LISTED RECORDS →

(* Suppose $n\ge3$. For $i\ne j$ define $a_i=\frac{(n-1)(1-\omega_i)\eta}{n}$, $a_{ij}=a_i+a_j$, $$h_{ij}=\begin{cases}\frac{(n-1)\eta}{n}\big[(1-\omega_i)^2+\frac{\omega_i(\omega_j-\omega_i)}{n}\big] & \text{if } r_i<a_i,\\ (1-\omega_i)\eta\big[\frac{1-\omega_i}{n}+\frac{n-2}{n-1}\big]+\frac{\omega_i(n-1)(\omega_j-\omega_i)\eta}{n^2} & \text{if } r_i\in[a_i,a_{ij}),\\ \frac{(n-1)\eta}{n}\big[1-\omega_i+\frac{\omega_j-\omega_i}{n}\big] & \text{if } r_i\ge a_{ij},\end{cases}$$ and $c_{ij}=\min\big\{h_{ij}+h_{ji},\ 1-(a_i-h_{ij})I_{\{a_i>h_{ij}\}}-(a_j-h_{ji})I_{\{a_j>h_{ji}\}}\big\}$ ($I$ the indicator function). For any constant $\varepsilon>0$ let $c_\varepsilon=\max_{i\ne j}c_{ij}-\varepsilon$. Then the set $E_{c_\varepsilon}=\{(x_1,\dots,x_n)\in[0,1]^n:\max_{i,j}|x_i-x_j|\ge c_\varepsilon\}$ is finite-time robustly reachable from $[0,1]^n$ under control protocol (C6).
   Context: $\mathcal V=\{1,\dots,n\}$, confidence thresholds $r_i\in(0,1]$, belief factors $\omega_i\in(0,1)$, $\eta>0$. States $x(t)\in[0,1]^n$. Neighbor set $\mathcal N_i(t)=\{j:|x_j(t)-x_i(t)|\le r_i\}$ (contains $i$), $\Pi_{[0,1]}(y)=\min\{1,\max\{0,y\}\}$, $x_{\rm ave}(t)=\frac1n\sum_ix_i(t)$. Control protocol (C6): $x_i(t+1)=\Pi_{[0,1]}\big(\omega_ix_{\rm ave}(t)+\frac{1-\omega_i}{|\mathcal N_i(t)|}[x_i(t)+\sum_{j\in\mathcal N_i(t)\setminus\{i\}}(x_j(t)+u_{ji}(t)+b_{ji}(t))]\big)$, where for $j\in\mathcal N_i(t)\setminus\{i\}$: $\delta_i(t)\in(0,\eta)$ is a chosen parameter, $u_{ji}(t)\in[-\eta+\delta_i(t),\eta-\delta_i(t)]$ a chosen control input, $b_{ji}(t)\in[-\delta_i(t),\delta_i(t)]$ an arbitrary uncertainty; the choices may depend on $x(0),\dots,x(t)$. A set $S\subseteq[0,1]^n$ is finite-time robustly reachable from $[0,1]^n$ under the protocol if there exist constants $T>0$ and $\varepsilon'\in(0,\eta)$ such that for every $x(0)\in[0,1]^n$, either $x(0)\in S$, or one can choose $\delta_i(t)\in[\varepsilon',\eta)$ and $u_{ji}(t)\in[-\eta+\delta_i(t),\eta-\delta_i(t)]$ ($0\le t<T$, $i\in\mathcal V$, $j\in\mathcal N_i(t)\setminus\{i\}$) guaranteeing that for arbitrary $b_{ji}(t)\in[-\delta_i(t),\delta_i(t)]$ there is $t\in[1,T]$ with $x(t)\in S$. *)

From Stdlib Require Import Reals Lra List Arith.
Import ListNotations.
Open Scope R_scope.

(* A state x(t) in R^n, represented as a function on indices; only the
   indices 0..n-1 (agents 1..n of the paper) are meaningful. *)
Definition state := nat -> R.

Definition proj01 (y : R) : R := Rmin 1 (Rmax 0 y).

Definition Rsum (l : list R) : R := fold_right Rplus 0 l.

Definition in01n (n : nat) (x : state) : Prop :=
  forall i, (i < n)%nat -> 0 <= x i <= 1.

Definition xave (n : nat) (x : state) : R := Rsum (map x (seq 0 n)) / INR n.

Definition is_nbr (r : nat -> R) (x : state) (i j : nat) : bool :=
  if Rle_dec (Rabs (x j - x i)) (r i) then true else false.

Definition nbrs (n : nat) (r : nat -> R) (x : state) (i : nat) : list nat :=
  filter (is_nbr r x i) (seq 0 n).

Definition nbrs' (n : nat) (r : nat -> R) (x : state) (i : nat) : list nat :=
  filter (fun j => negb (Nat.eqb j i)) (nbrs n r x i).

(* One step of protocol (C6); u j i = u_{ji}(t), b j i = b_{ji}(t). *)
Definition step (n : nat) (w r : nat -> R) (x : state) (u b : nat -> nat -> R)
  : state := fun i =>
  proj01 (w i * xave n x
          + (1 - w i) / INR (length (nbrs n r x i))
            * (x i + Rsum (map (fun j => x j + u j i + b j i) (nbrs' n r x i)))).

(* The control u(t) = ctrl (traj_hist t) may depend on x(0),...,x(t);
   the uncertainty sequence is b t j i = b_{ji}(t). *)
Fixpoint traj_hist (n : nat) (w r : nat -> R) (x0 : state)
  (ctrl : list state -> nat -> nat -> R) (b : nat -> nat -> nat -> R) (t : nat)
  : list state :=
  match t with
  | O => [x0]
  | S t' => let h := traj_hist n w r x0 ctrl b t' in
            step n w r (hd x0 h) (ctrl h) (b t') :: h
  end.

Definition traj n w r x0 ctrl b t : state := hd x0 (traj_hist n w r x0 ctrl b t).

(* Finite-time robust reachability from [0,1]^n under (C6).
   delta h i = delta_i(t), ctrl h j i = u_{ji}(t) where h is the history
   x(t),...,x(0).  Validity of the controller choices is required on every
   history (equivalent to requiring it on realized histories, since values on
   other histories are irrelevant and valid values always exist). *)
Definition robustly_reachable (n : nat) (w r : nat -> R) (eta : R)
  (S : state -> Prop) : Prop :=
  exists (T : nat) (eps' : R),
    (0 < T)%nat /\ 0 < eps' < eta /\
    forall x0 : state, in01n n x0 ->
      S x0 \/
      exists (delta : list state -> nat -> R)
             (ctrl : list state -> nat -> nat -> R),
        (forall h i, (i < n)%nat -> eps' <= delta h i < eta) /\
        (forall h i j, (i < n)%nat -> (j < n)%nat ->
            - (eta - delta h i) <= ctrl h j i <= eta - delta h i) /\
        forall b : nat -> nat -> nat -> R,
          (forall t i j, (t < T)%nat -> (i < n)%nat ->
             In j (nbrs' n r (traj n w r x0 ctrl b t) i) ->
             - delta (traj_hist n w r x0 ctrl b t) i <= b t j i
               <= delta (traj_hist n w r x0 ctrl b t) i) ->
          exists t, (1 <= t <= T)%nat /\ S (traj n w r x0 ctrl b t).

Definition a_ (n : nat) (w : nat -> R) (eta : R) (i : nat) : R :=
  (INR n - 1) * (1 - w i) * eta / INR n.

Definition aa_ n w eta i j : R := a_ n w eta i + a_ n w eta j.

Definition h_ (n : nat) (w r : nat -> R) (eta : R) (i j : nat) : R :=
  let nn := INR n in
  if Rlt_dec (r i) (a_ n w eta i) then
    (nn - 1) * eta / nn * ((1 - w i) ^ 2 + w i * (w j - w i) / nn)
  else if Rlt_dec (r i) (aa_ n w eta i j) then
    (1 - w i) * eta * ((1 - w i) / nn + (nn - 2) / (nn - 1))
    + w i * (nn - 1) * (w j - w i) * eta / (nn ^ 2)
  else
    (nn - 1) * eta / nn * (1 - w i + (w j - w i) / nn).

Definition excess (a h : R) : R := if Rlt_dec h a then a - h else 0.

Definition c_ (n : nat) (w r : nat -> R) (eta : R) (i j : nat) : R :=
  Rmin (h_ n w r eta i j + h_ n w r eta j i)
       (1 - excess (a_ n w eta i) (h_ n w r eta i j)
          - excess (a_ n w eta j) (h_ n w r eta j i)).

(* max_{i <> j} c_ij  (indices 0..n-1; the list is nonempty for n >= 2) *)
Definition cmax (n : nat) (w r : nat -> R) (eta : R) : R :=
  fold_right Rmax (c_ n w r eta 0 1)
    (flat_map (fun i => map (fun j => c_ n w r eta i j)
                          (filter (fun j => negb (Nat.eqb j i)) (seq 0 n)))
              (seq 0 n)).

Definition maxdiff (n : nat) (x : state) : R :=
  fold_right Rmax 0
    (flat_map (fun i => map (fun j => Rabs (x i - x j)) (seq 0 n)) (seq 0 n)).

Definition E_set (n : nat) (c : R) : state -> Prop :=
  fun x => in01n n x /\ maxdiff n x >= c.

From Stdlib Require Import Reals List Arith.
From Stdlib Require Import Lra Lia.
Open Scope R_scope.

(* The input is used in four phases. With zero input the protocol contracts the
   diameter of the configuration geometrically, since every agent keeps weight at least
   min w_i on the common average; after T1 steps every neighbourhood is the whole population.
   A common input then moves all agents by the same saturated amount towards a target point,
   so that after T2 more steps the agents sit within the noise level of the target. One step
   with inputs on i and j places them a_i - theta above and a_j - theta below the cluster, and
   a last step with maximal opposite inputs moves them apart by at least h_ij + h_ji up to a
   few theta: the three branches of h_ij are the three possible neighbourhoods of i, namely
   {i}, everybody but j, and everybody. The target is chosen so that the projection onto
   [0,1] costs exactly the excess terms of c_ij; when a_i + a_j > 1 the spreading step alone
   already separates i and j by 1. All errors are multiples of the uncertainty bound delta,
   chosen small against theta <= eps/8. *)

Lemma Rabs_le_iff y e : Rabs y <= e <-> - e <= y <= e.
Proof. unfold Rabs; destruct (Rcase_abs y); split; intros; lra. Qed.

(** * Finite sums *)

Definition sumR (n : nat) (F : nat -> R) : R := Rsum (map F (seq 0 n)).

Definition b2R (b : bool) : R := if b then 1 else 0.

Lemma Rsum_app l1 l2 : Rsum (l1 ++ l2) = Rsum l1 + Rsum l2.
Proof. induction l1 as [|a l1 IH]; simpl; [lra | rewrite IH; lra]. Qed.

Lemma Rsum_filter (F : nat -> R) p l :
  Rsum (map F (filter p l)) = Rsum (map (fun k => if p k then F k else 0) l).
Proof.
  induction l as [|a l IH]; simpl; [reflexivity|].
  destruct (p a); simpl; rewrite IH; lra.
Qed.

YOUR OBJECTIVE → Using only the entries above, output the line with "filter (is_nbr r x i) (seq 0 n).", the line with "(nbrs n r x i))", and all lines between them, exactly as they stand.

THE ANSWER →
  filter (is_nbr r x i) (seq 0 n).

Definition nbrs' (n : nat) (r : nat -> R) (x : state) (i : nat) : list nat :=
  filter (fun j => negb (Nat.eqb j i)) (nbrs n r x i).

(* One step of protocol (C6); u j i = u_{ji}(t), b j i = b_{ji}(t). *)
Definition step (n : nat) (w r : nat -> R) (x : state) (u b : nat -> nat -> R)
  : state := fun i =>
  proj01 (w i * xave n x
          + (1 - w i) / INR (length (nbrs n r x i))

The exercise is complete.